Livros Certos em Momentos Errados

Passaram “A Cartomante”, de Machado de Assis, como leitura obrigatória para o meu primo de 11 anos. Por mais que acredite que temos que conhecer nossos grandes autores, e todos os gênios literários do mundo, não existe quem me faça entender como um professor obriga uma criança a ler um texto como esse, para o qual ela inegavelmente não está preparada.

A discussão é velha, a maioria dos leitores de ficção contemporânea e de fantasia comenta, os blogueiros literários ao redor do país também. Nada muda. Os anos vêm e vão e continuam obrigando crianças e adolescentes a lerem livros que ao invés de aproximar o jovem da literatura, afasta.

Não interessa quão interessantes, importantes e inteligentes os clássicos sejam, quando você ainda é muito novo e sem bagagem intelectual, emocional e moral todas as qualidades presentes nessas histórias de nada adiantam.

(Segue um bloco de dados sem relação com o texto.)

Lemma energy1_samples_le alpha lambda B0 B1 B2 :
  0 <= alpha -> 0 <= lambda ->
  (forall x, xl <= x <= xr -> Rabs (D0 x) <= B0) ->
  (forall x, xl <= x <= xr -> Rabs (D1 x) <= B1) ->
  (forall x, xl <= x <= xr -> Rabs (D2 x) <= B2) ->
  energy1 M alpha lambda h U0
  <= (xr - xl) * (B0 * B0 + alpha * (B1 * B1) + lambda * ((2 * B2) * (2 * B2))).
Proof.
  intros Ha Hl HB0 HB1 HB2.
  rewrite <- mesh, (Rmult_comm (INR M) h).
  apply energy1_le_of_pointwise; auto; intros i Hi; split; [|split].
  - rewrite U0_samples by lia; apply HB0, node_in_interval; lia.
  - destruct (dx_samples_mvt i ltac:(lia) ltac:(lia)) as [x [Hx ->]].
    apply HB1; pose proof (node_in_interval i ltac:(lia)).
    pose proof (node_in_interval (i + 1) ltac:(lia)) as G; rewrite plus_IZR in G; lra.
  - destruct (dxx_samples_bound i ltac:(lia) ltac:(lia)) as [x [Hx Hb]].
    specialize (HB2 x Hx); lra.
Qed.

End InitialData.

Lemma initial_energy_bound xl xr alpha lambda u0 :
  xl < xr -> 0 <= alpha -> 0 <= lambda -> C7_0 xl xr u0 ->
  exists K, 0 <= K /\
    forall M (U0 : grid), (1 <= M)%nat ->
      (forall i, (0 <= i <= Z.of_nat M)%Z -> U0 i = u0 (xl + IZR i * ((xr - xl) / INR M))) ->
      energy1 M alpha lambda ((xr - xl) / INR M) U0 <= K.
Proof.
  intros Hx Ha Hl (D & HD0 & Hder & _).
  assert (Hcont : forall k, (k < 7)%nat -> forall x, continuity_pt (D k) x).
  { intros k Hk x; exact (derivable_continuous_pt _ x (exist _ _ (Hder k Hk x))). }
  destruct (continuous_bounded_on (D 0%nat) xl xr ltac:(lra) (Hcont 0%nat ltac:(lia))) as [B0 HB0].
  destruct (continuous_bounded_on (D 1%nat) xl xr ltac:(lra) (Hcont 1%nat ltac:(lia))) as [B1 HB1].
  destruct (continuous_bounded_on (D 2%nat) xl xr ltac:(lra) (Hcont 2%nat ltac:(lia))) as [B2 HB2].
  exists ((xr - xl) * (B0 * B0 + alpha * (B1 * B1) + lambda * ((2 * B2) * (2 * B2)))).
  split; [apply Rmult_le_pos; nra|].
  intros M U0 HM HU0.
  assert (HMpos : 0 < INR M) by (apply lt_0_INR; lia).
  apply (energy1_samples_le xl xr _ M (D 0%nat) (D 1%nat) (D 2%nat)); auto.
  - apply Rdiv_lt_0_compat; lra.
  - field; lra.
  - apply Hder; lia.
  - apply Hder; lia.
  - intros i Hi; rewrite HU0 by exact Hi; symmetry; apply HD0.
Qed.

Lemma energy1_le_twice_initial m a b c nu alpha lambda M N (U : nat -> grid) h tau :
  0 < h -> tau <> 0 -> 0 <= alpha -> 0 <= lambda -> (4 <= M)%nat ->
  (forall n, (n <= N)%nat -> inZ0 M (U n)) ->
  (forall n, (1 <= n <= N - 1)%nat -> forall i, (2 <= i <= Z.of_nat M - 2)%Z ->
     scheme_S m a b c nu alpha lambda h tau U n i) ->
  energy1 M alpha lambda h (U 1%nat) = energy1 M alpha lambda h (U O) ->
  forall n, (n <= N)%nat -> energy1 M alpha lambda h (U n) <= 2 * energy1 M alpha lambda h (U O).
Proof.
  intros Hh Htau Ha Hl HM HZ HS E1 [|n] Hn.
  - pose proof (energy1_nonneg M alpha lambda h (U O) Hh Ha Hl); lra.
  - pose proof (energy_conserved m a b c nu alpha lambda M N U h tau
                  ltac:(lra) Htau HM HZ HS n ltac:(lia)) as Hcons.
    rewrite !energy_eq_avg_energy1, E1 in Hcons.
    pose proof (energy1_nonneg M alpha lambda h (U n) Hh Ha Hl); lra.
Qed.
Lemma scheme_solution_bounds m a b c nu alpha lambda M N (U : nat -> grid) h tau K :
  0 < h -> tau <> 0 -> 0 < alpha -> 0 < lambda -> (4 <= M)%nat -> (1 <= N)%nat ->
  (forall n, (n <= N)%nat -> inZ0 M (U n)) ->
  (forall i, (2 <= i <= Z.of_nat M - 2)%Z ->
     scheme_CN m a b c nu alpha lambda h tau (U O) (U 1%nat) i) ->
  (forall n, (1 <= n <= N - 1)%nat -> forall i, (2 <= i <= Z.of_nat M - 2)%Z ->
     scheme_S m a b c nu alpha lambda h tau U n i) ->
  energy1 M alpha lambda h (U O) <= K ->
  energy1 M alpha lambda h (U 1%nat) = energy1 M alpha lambda h (U O)
  /\ forall n, (n <= N)%nat ->
       supn M (U n) <= sqrt (h * INR M * (2 * K / alpha))
       /\ supn M (dx h (U n)) <= sqrt (h * INR M * (2 * K / lambda)).
Proof.
  intros Hh Htau Ha Hl HM HN HZ HCN HS HK.
  assert (E1 : energy1 M alpha lambda h (U 1%nat) = energy1 M alpha lambda h (U O)).
  { apply (two_level_conserves_energy m a b c nu alpha lambda h tau)
      with (P := avg (U 1%nat) (U O)); try (apply HZ; lia); auto with real.
    intros i Hi; apply scheme_CN_two_level, HCN, Hi. }
  split; [exact E1|].
  intros n Hn.
  apply supn_le_sqrt_energy1; auto; try lia.
  pose proof (energy1_le_twice_initial m a b c nu alpha lambda M N U h tau
                Hh Htau ltac:(lra) ltac:(lra) HM HZ HS E1 n Hn); lra.
Qed.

São apenas folhas de papel contando uma história que não lhe chama atenção.

O triste é que muitas vezes o jovem cria um bloqueio tão grande por conta dessas leituras obrigatórias, que acaba não se interessando por conhecer livros incríveis e que o agradariam se desse uma chance. Tudo porque passou a acreditar que ler é uma tarefa chata, cansativa. Não encontrou nenhum tipo de prazer. E todo bom leitor sabe que existem livros para todos os gostos.

Sou uma grande leitora de clássicos. Amo Shakespeare, Jane Austen, Eça de Queiroz, Victor Hugo. Alguns dos meus livros favoritos foram escritos pelos escritores citados. Histórias que li e reli. Só que tive a felicidade de conhecer os quadrinhos da Turma da Mônica, os contos de Grimm, a coleção Vaga-Lume da Editora Ática antes de me aventurar por leituras mais densas. Li Harry Potter, pude me encantar com os mistérios de Ágatha Christie. Não comecei lendo Kafka nem Dostoiévski (ainda bem!). Isso não seria justo comigo nem com eles. Ler um livro incrível em um momento errado pode fazer com que a experiência seja terrível.

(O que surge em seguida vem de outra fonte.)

Lemma density_ge0 z : 0 <= exp (- eps * d p z).
Proof. left. apply exp_pos. Qed.

Lemma uniformized_le_line_integral g a b v : rectifiable d g a b ->
  Finite v = line_integral d (fun z => exp (- eps * d p z)) g a b ->
  uniformized d p eps (g a) (g b) <= v.
Proof.
  intros Hg Hv. apply (real_Glb_Rbar_between _ v 0).
  - exists g, a, b. auto.
  - intros w [g' [a' [b' [[[Hab' _] _] [_ [_ Hw]]]]]].
    exact (line_integral_ge0 d _ g' (proj1 metric) density_ge0 a' b' w Hab' Hw).
Qed.

Variables (gam : R -> X) (x y : X).
Hypothesis geo : is_geodesic d gam x y.

Lemma density_geodesic_le u : 0 <= u <= d x y ->
  exp (- eps * d p (gam u)) <= exp (- eps * (d p x - d x y)).
Proof.
  intros Hu. apply exp_opp_mul_le; [exact eps_ge0|].
  destruct metric as [_ [_ [Hsym Htri]]].
  pose proof (Htri p (gam u) x) as Htri_u.
  rewrite (Hsym (gam u) x), (geodesic_dist_start d gam x y geo u Hu) in Htri_u. lra.
Qed.

Lemma uniformized_geodesic_le s t : 0 <= s <= t -> t <= d x y ->
  uniformized d p eps (gam s) (gam t) <= exp (- eps * (d p x - d x y)) * (t - s).
Proof.
  intros Hs Ht.
  destruct (line_integral_geodesic_le d gam x y geo _ (exp (- eps * (d p x - d x y))) s t
              density_ge0 Hs Ht (fun u Hu => density_geodesic_le u ltac:(lra)))
    as [v [Hv HvK]].
  eapply Rle_trans; [|exact HvK].
  apply uniformized_le_line_integral; [apply (geodesic_rectifiable d gam x y geo); lra | exact Hv].
Qed.

Lemma curve_length_uniformized_geodesic_le :
  Rbar_le (curve_length (uniformized d p eps) gam 0 (d x y))
          (Finite (exp (- eps * (d p x - d x y)) * d x y)).
Proof.
  pose proof (curve_length_le_lipschitz (uniformized d p eps) gam 0 (d x y) _
                (fun s t Hs Ht => uniformized_geodesic_le s t Hs Ht)) as Hlen.
  rewrite Rminus_0_r in Hlen. exact Hlen.
Qed.

(* The geodesic supplies an admissible curve; without one, [uniformized] would be
   [real p_infty] = 0. *)
Lemma uniformized_ge : exp (- eps * (d p x + d x y)) * d x y <= uniformized d p eps x y.
Proof.
  pose proof (proj1 metric) as Hpos. pose proof geo as [H0 [HD _]].
  destruct (line_integral_geodesic_le d gam x y geo _ (exp (- eps * (d p x - d x y))) 0 (d x y)
              density_ge0 ltac:(split; [lra | apply Hpos]) (Rle_refl _)
              (fun u Hu => density_geodesic_le u Hu)) as [v0 [Hv0 _]].
  apply (real_Glb_Rbar_between _ v0).
  - exists gam, 0, (d x y). split; [|auto].
    apply (geodesic_rectifiable d gam x y geo); [split; [lra | apply Hpos] | lra].
  - intros w [g [a [b [Hg [<- [<- Hw]]]]]].
    apply (line_integral_ge_mul_dist d _ g a b _ w metric Hg density_ge0); [left; apply exp_pos| |exact Hw].
    intros z Hz. apply exp_opp_mul_le; [exact eps_ge0|].
    pose proof (proj2 (proj2 (proj2 metric)) p (g a) z). lra.
Qed.

End Uniformized.

Theorem proposition3p6 :
  forall eps M : R, 0 < eps -> 0 < M ->
  exists C : R, 1 <= C /\
    forall (X : Type) (d : X -> X -> R) (p : X), geodesic_space d ->
    forall (x y : X) (gamma : R -> X),
      d x y <= M -> is_geodesic d gamma x y ->
      Rbar_le (curve_length (uniformized d p eps) gamma 0 (d x y))
              (Finite (C * uniformized d p eps x y)).
Proof.
  intros eps M Heps HM. exists (exp (2 * eps * M)). split.
  { rewrite <- exp_0. apply exp_le_exp. nra. }
  intros X d p [metric _] x y gam HxyM geo.
  pose proof (proj1 metric x y) as Hxy.
  pose proof (exp_pos (2 * eps * M)).
  assert (Hratio : exp (- eps * (d p x - d x y))
                   <= exp (2 * eps * M) * exp (- eps * (d p x + d x y))).
  { rewrite <- exp_plus. apply exp_le_exp. nra. }
  pose proof (uniformized_ge d p eps metric ltac:(lra) gam x y geo) as Hlower.
  eapply Rbar_le_trans;
    [exact (curve_length_uniformized_geodesic_le d p eps metric ltac:(lra) gam x y geo)|].
  simpl. apply Rle_trans with (exp (2 * eps * M) * exp (- eps * (d p x + d x y)) * d x y).
  - apply Rmult_le_compat_r; assumption.
  - rewrite Rmult_assoc. apply Rmult_le_compat_l; lra.
Qed.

As escolas precisam mudar isso. Deviam começar a dar aos seus jovens leitores livros propícios para eles. A literatura está repleta de bons títulos para todas as idades. É uma pena que enquanto eu estou aqui, escrevendo essas palavras, alguma criança ou adolescente está começando a achar que ler é uma atividade chata, coisa que definitivamente não é. Ninguém precisa ser um leitor compulsivo, mas faz bem para a vida ser pelo menos um leitor ocasional. E tudo seria mais fácil com a ajuda das escolas.